(* Let $M$ be a causal generative model (CGM) with latent domain $\mathcal{Z}=\prod_{k=1}^K\mathcal{Z}_k$. If the latent mapping $g_M$ is injective and $\mathcal{Z}$ is compact (i.e. all intervals $\mathcal{Z}_k$ are closed and bounded), then $M$ is embedded.
   Context: A causal generative model (CGM) $M=\mathbb{G}(\mathcal{Z},\mathbf{S},\mathcal{G})$ consists of: $K$ real-valued latent variables $\bm z=(z_k)$ taking values in $\mathcal{Z}=\prod_{k=1}^K\mathcal{Z}_k$, each $\mathcal{Z}_k$ a closed interval; a directed acyclic graph $\mathcal{G}$; and a set $\mathbf{S}$ of $N+1$ deterministic continuous structural equations assigning $N$ endogenous variables $V_k:=f_k(\mathbf{Pa}_k)$ with values in Euclidean spaces $\mathcal{V}^k$ (parents $\mathbf{Pa}_k$ in $\mathcal{G}$ being latent or endogenous), and one output $Y:=f_y(\mathbf{Pa}_y)$ with values in a Euclidean space $\mathcal{Y}$ (parents endogenous). $\mathcal{G}$ has exactly $K$ sources, one per latent variable, and $Y$ is its only sink. A layer $\ell$ is a minimal subset of endogenous variables such that every directed path from a latent node to $Y$ contains at least one element of $\ell$. Image sets: $\mathcal{Y}_M=\{Y(\bm z):\bm z\in\mathcal{Z}\}$ and, for a set $\mathcal{E}$ of endogenous variables, $\bm{\mathcal{V}}^{\mathcal{E}}_M=\{\bm V_{|\mathcal{E}}(\bm z):\bm z\in\mathcal{Z}\}\subseteq\prod_{k\in\mathcal{E}}\mathcal{V}^k$. The latent mapping is $g_M:\mathcal{Z}\to\mathcal{Y}_M$, $\bm z\mapsto Y(\bm z)$, and for a layer $\ell$ the layer mapping is $\tilde g^\ell_M:\bm{\mathcal{V}}^\ell_M\to\mathcal{Y}_M$, $\bm v\mapsto Y(\bm v)$ (output obtained by assigning layer $\ell$ the values $\bm v$ and computing downstream). A continuous injective $f:X\to Y$ with continuous inverse $f^{-1}:f[X]\to X$ is called an embedding. $M$ is embedded if $g_M$ and the $\tilde g^\ell_M$ of all layers $\ell$ are embeddings of $\mathcal{Z}$, resp. $\bm{\mathcal{V}}^\ell_M$, into $\mathcal{Y}$. All spaces carry Euclidean (subspace/product) topologies. *)

From HB Require Import structures.
From mathcomp Require Import all_boot all_order all_algebra.
From mathcomp Require Import all_classical all_reals all_analysis.
Set Implicit Arguments. Unset Strict Implicit. Unset Printing Implicit Defensive.
Import Order.TTheory GRing.Theory Num.Theory.
Import numFieldNormedType.Exports.
Local Open Scope classical_set_scope.
Local Open Scope ring_scope.

Definition embedding_on {T U : topologicalType} (A : set T) (f : T -> U) : Prop :=
  [/\ {within A, continuous f},
      (forall x y, A x -> A y -> f x = f y -> x = y) &
      exists h : U -> T, {within f @` A, continuous h} /\
                         (forall x, A x -> h (f x) = x)].

Definition Vprod (R : realType) (N : nat) (d : 'I_N -> nat) :=
  prod_topology (fun i : 'I_N => 'rV[R]_(d i)).

(* A causal generative model.
   - latent variables z_k, k : 'I_K, z : 'rV_K, z_k = z ord0 k, with domain Zk k
     (a closed interval of R);
   - endogenous variables V_j, j : 'I_N, with values in R^(d j) = 'rV_(d j);
   - output Y with values in R^dy;
   - DAG: lpar j k  <-> latent z_k is a parent of V_j,
          par i j   <-> V_i is a parent of V_j,
          ypar j    <-> V_j is a parent of Y;
   - structural equations f j (continuous, depending only on parents) and fy. *)
Record CGM (R : realType) := {
  K : nat;
  N : nat;
  d : 'I_N -> nat;
  dy : nat;
  Zk : 'I_K -> set R;
  Zk_interval : forall k, is_interval (Zk k);
  Zk_closed : forall k, closed (Zk k);
  lpar : 'I_N -> 'I_K -> bool;
  par : rel 'I_N;
  ypar : pred 'I_N;
  par_acyclic : forall i j, par i j -> ~~ connect par j i;
  (* the sources are exactly the latent nodes *)
  endo_not_source : forall j, [exists k, lpar j k] || [exists i, par i j];
  y_not_source : exists j, ypar j;
  (* Y is the only sink *)
  latent_not_sink : forall k, exists j, lpar j k;
  endo_not_sink : forall j, ypar j || [exists i, par j i];
  f : forall j : 'I_N, 'rV[R]_K -> Vprod R d -> 'rV[R]_(d j);
  fy : Vprod R d -> 'rV[R]_dy;
  f_parents : forall j (z z' : 'rV[R]_K) (V V' : Vprod R d),
      (forall k, lpar j k -> z ord0 k = z' ord0 k) ->
      (forall i, par i j -> V i = V' i) -> f j z V = f j z' V';
  fy_parents : forall V V' : Vprod R d, (forall i, ypar i -> V i = V' i) -> fy V = fy V';
  f_cont : forall j,
      {within [set p : 'rV[R]_K * Vprod R d |
                 forall k, Zk k (p.1 ord0 k)],
       continuous (fun p => f j p.1 p.2)};
  fy_cont : continuous fy
}.

Section CGMdefs.
Context {R : realType} (M : CGM R).

Definition Zset : set 'rV[R]_(K M) := [set z | forall k, Zk k (z ord0 k)].

Definition Vassign := Vprod R (@d R M).

(* values of all endogenous variables for latent z (N rounds of the structural
   equations reach the unique solution since the graph is acyclic) *)
Definition eval (z : 'rV[R]_(K M)) : Vassign :=
  iter (N M) (fun V j => f j z V) (fun j => 0).

Definition eval_do (l : {set 'I_(N M)}) (v : Vassign) (z : 'rV[R]_(K M)) : Vassign :=
  iter (N M) (fun V j => if j \in l then v j else f j z V) (fun j => 0).

Definition gM (z : 'rV[R]_(K M)) : 'rV[R]_(dy M) := fy (eval z).

(* l cuts every directed path latent -> ... -> Y *)
Definition cut (l : {set 'I_(N M)}) : bool :=
  ~~ [exists k : 'I_(K M), exists j : 'I_(N M), exists j' : 'I_(N M),
      [&& lpar j k, ypar j', j \notin l, j' \notin l &
          connect [rel a b | [&& par a b, a \notin l & b \notin l]] j j']].

Definition layer (l : {set 'I_(N M)}) : bool := minset cut l.

(* a point of prod_{j in l} V^j, represented as an assignment vanishing off l *)
Definition restr (l : {set 'I_(N M)}) (V : Vassign) : Vassign :=
  fun j => if j \in l then V j else 0.

Definition layer_image (l : {set 'I_(N M)}) : set Vassign :=
  [set restr l (eval z) | z in Zset].

(* layer mapping: assign l the values v and compute downstream; the remaining
   (non-downstream) variables are computed from an arbitrary latent z0, which
   does not affect Y when l is a layer *)
Definition layer_map (l : {set 'I_(N M)}) (z0 : 'rV[R]_(K M)) (v : Vassign)
  : 'rV[R]_(dy M) := fy (eval_do l v z0).

Definition embedded : Prop :=
  embedding_on Zset gM /\
  forall l, layer l -> forall z0, Zset z0 -> embedding_on (layer_image l) (layer_map l z0).

End CGMdefs.

Arguments Zset {R} M _.
Arguments eval {R} M z.
Arguments eval_do {R} M l v z.
Arguments gM {R} M z.
Arguments cut {R} M l.
Arguments layer {R} M l.
Arguments layer_image {R} M l _.
Arguments layer_map {R} M l z0 v.
Arguments embedded {R} M.

From Pilot Require Import Defs.
From HB Require Import structures.
From mathcomp Require Import all_boot all_order all_algebra.
From mathcomp Require Import all_classical all_reals all_analysis.
Import numFieldNormedType.Exports.
Local Open Scope classical_set_scope.
Local Open Scope ring_scope.

(* A continuous injection from a compact set into a Hausdorff space is a closed
   map onto its image, hence an embedding. The latent map g_M is continuous,
   because the acyclic structural equations are solved by finitely many
   iterations of continuous maps, and it is injective by hypothesis. For a
   layer l, giving l its observational values under z and recomputing
   downstream returns Y(z), since l blocks every path from a latent variable to
   Y; hence the layer map is injective on V^l_M, which is compact as a
   continuous image of Z, and the same argument applies. *)

Lemma within_continuous_comp {X Y Z : topologicalType} (A : set X) (B : set Y)
    (f : X -> Y) (g : Y -> Z) :
  {homo f : x / A x >-> B x} ->
  {within A, continuous f} -> {within B, continuous g} ->
  {within A, continuous (g \o f)}.
Proof.
move=> fAB cf cg x; apply: continuous_comp (cg (f x)).
exact: (@subspaceT_continuous _ _ _ _ (mkfun_fun fAB) cf).
Qed.

Lemma continuous_prod_topology {X : topologicalType} {I : eqType}
    {T : I -> topologicalType} (g : X -> prod_topology T) :
  (forall i, continuous (fun x => g x i)) -> continuous g.
Proof.
move=> cg x; apply/cvg_sup => i; apply/cvg_image.
  apply/seteqP; split => // y _.
  by exists (dfwith (g x) i y); rewrite ?dfwithin.
move=> B /= Bn; exists ((fun h : prod_topology T => h i) @^-1` B).
  exact: (cg i x B Bn).
apply/seteqP; split => [y [h Bh <-] //|y By].
by exists (dfwith (g x) i y); rewrite /= dfwithin.
Qed.

Lemma iter_within_continuous {X Y : topologicalType} (A : set X)
    (F : X -> Y -> Y) (y0 : Y) n :
  {within [set p : X * Y | A p.1], continuous (fun p => F p.1 p.2)} ->
  {within A, continuous (fun x => iter n (F x) y0)}.
Proof.
move=> cF; elim: n => [|n IH]; first exact/continuous_subspaceT/cst_continuous.
have cid : {within A, continuous (@id X)}.
  by apply: continuous_subspaceT => ?; exact: cvg_id.
apply: (@within_continuous_comp _ _ _ A [set p : X * Y | A p.1]
  (fun x => (x, iter n (F x) y0)) (fun p => F p.1 p.2)) => // x.
exact: cvg_pair (cid x) (IH x).
Qed.

(* [x0] is only the value of the inverse outside [f @` A]. *)
Lemma compact_injective_embedding {T U : topologicalType} (A : set T)
    (f : T -> U) (x0 : T) :
  hausdorff_space U -> compact A -> {within A, continuous f} ->
  {in A &, injective f} -> embedding_on A f.
Proof.
move=> hU cA cf finj; split=> // [x y Ax Ay|].
  by apply: finj; rewrite inE.
pose h := 'pinv_(fun=> x0) A f.
have hK x : A x -> h (f x) = x by move=> Ax; apply: pinvKV; rewrite ?inE.
exists h; split=> //.
apply/continuous_closedP => C cC; apply/closed_subspaceP.
exists (f @` (C `&` A)).
  apply: compact_closed hU _; apply: continuous_compact.
    exact: continuous_subspaceW cf.
  by rewrite setIC; apply: compact_closedI.
apply/seteqP; split => y.
  case=> -[x [Cx Ax] <-] _; split; last by exists x.
  by rewrite /from_subspace /= hK.
case=> hy [x Ax fxy]; split; last by exists x.
by exists x => //; split => //; move: hy; rewrite -fxy /from_subspace /= hK.
Qed.

Section AcyclicIteration.
Context {I : finType} {e : rel I}.
Hypothesis e_acyclic : forall i j, e i j -> ~~ connect e j i.

Definition ancestors (j : I) : {set I} := [set i | connect e i j].

Lemma card_ancestors_gt0 j : (0 < #|ancestors j|)%N.
Proof. by apply/card_gt0P; exists j; rewrite inE connect0. Qed.

Lemma card_ancestors_lt {i j} : e i j -> (#|ancestors i| < #|ancestors j|)%N.
Proof.
move=> eij; apply/proper_card/properP; split.
  apply/fintype.subsetP => x; rewrite !inE => /connect_trans; apply.
  exact: connect1.
by exists j; rewrite !inE ?connect0 // (negbTE (e_acyclic _ _ eij)).
Qed.

Lemma acyclic_ind (P : I -> Prop) :
  (forall j, (forall i, e i j -> P i) -> P j) -> forall j, P j.
Proof.
move=> IH j; have [n] := ubnP #|ancestors j|; elim: n j => // n IHn j jn.
apply: IH => i eij; apply: IHn; rewrite ltnS in jn.
exact: leq_trans (card_ancestors_lt eij) jn.
Qed.

Context {T : I -> Type} (F : (forall i, T i) -> forall i, T i).
Hypothesis F_local :
  forall V V' j, (forall i, e i j -> V i = V' i) -> F V j = F V' j.

Lemma iter_local_stable x j m n :
  (#|ancestors j| <= m)%N -> (#|ancestors j| <= n)%N ->
  iter m F x j = iter n F x j.
Proof.
elim/acyclic_ind: j m n => j IH [|m] [|n] jm jn //;
  try by [rewrite leqNgt card_ancestors_gt0 in jm
         | rewrite leqNgt card_ancestors_gt0 in jn].
rewrite !iterS; apply: F_local => i eij.
by apply: IH; rewrite // -ltnS; apply: leq_trans (card_ancestors_lt eij) _.
Qed.

Lemma iter_card_fixpoint x j : F (iter #|I| F x) j = iter #|I| F x j.
Proof.
rewrite -[LHS]/(iter #|I|.+1 F x j).
by apply: iter_local_stable; rewrite ?leqW ?max_card.
Qed.

End AcyclicIteration.

Section CGMEvaluation.
Context {R : realType} (M : CGM R).

Lemma eval_fixpoint z j : Defs.eval M z j = f j z (Defs.eval M z).
Proof.
have F_local V V' i : (forall k, par k i -> V k = V' k) -> f i z V = f i z V'.
  by move=> eqV; apply: f_parents.
have := iter_card_fixpoint (@par_acyclic R M) _ F_local (fun=> 0) j.
by rewrite card_ord.
Qed.

Lemma eval_do_fixpoint l v z j :
  eval_do M l v z j = if j \in l then v j else f j z (eval_do M l v z).
Proof.
pose F (V : Vassign M) i := if i \in l then v i else f i z V.
have F_local V V' i : (forall k, par k i -> V k = V' k) -> F V i = F V' i.
  by move=> eqV; rewrite /F; case: ifP => // _; apply: f_parents.
have := iter_card_fixpoint (@par_acyclic R M) F F_local (fun=> 0) j.
by rewrite card_ord.
Qed.

Definition avoiding (l : {set 'I_(N M)}) : rel 'I_(N M) :=
  [rel a b | [&& par a b, a \notin l & b \notin l]].

Lemma eval_do_restr_eval_fixpoint (l : {set 'I_(N M)}) z0 z j :
  (j \notin l -> forall k a,
     lpar a k -> a \notin l -> ~~ connect (avoiding l) a j) ->
  eval_do M l (restr l (Defs.eval M z)) z0 j = Defs.eval M z j.
Proof.
elim/(acyclic_ind (@par_acyclic R M)): j => j IH unreached.
rewrite eval_do_fixpoint; case: ifPn => [jl|jl]; first by rewrite /restr jl.
rewrite eval_fixpoint; apply: f_parents => [k ljk|i pij].
  by move: (unreached jl k j ljk jl); rewrite connect0.
apply: IH => // il k a lak al; apply/negP => cai.
move: (unreached jl k a lak al); rewrite (connect_trans cai) //.
by apply: connect1; apply/and3P.
Qed.

Lemma layer_map_restr_eval l z0 z : Defs.cut M l ->
  layer_map M l z0 (restr l (Defs.eval M z)) = gM M z.
Proof.
move=> /negP lcut; apply: fy_parents => i yi.
apply: eval_do_restr_eval_fixpoint => il k a lak al; apply/negP => cai.
apply: lcut; apply/existsP; exists k; apply/existsP; exists a.
by apply/existsP; exists i; rewrite lak yi al il.
Qed.

Lemma eval_continuous : {within Zset M, continuous (Defs.eval M)}.
Proof.
apply: iter_within_continuous.
exact: (@continuous_prod_topology (subspace _) _ (fun i => 'rV[R]_(d i)))
  (@f_cont R M).
Qed.

Lemma gM_continuous : {within Zset M, continuous (gM M)}.
Proof.
move=> z; apply: (@continuous_comp (subspace (Zset M)) (Vassign M)).
  exact: eval_continuous.
exact: fy_cont.
Qed.

Lemma layer_map_continuous l z0 : Zset M z0 -> continuous (layer_map M l z0).
Proof.
move=> Zz0.
pose F (v V : Vassign M) : Vassign M :=
  fun i => if i \in l then v i else f i z0 V.
have cF : continuous (fun p : Vassign M * Vassign M => F p.1 p.2).
  apply: (@continuous_prod_topology _ _ (fun i => 'rV[R]_(d i))) => i.
  rewrite /F.
  case: (i \in l).
    move=> p; apply: (@continuous_comp _ _ _ fst (fun v : Vassign M => v i)).
      exact: cvg_fst.
    exact: proj_continuous.
  apply/continuous_subspace_setT.
  apply: (@within_continuous_comp _ _ _ setT [set p | Zset M p.1]
    (fun p => (z0, p.2)) (fun p => f i p.1 p.2)) => //; last exact: f_cont.
  by apply: continuous_subspaceT => p; exact: cvg_pair (cvg_cst z0) cvg_snd.
have ceval : continuous (fun v => eval_do M l v z0).
  apply/continuous_subspace_setT; apply: iter_within_continuous.
  exact: continuous_subspaceT.
move=> v; apply: (@continuous_comp _ _ _ (fun v => eval_do M l v z0)).
  exact: ceval.
exact: fy_cont.
Qed.

Lemma restr_continuous l : continuous (@restr R M l).
Proof.
apply: (@continuous_prod_topology _ _ (fun i => 'rV[R]_(d i))) => j.
rewrite /restr.
by case: (j \in l); [exact: proj_continuous | exact: cst_continuous].
Qed.

End CGMEvaluation.

Theorem proposition1 (R : realType) (M : CGM R) :
  (forall z z', Zset M z -> Zset M z' -> gM M z = gM M z' -> z = z') ->
  compact (Zset M) ->
  embedded M.
Proof.
move=> ginj cZ.
have hY : hausdorff_space 'rV[R]_(dy M) by apply: norm_hausdorff.
split=> [|l ll z0 Zz0].
  apply: (compact_injective_embedding _ _ (0 : 'rV[R]_(K M)) hY cZ).
    exact: gM_continuous.
  by move=> z z' /set_mem Zz /set_mem Zz'; apply: ginj.
have lcut : Defs.cut M l := minsetp ll.
apply: (compact_injective_embedding _ _ ((fun=> 0) : Vassign M) hY).
- apply: continuous_compact cZ => z.
  apply: (@continuous_comp (subspace (Zset M)) (Vassign M)).
    exact: eval_continuous.
  exact: restr_continuous.
- exact/continuous_subspaceT/layer_map_continuous.
- move=> _ _ /set_mem[z Zz <-] /set_mem[z' Zz' <-].
  by rewrite !layer_map_restr_eval // => /ginj ->.
Qed.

______

→ Assignment
Look above for the line holding "lpar a k ->". Print it and every line after it, exactly, through the line holding "rewrite eval_fixpoint; apply: f_parents".

→ Solution to the problem
     lpar a k -> a \notin l -> ~~ connect (avoiding l) a j) ->
  eval_do M l (restr l (Defs.eval M z)) z0 j = Defs.eval M z j.
Proof.
elim/(acyclic_ind (@par_acyclic R M)): j => j IH unreached.
rewrite eval_do_fixpoint; case: ifPn => [jl|jl]; first by rewrite /restr jl.
rewrite eval_fixpoint; apply: f_parents => [k ljk|i pij].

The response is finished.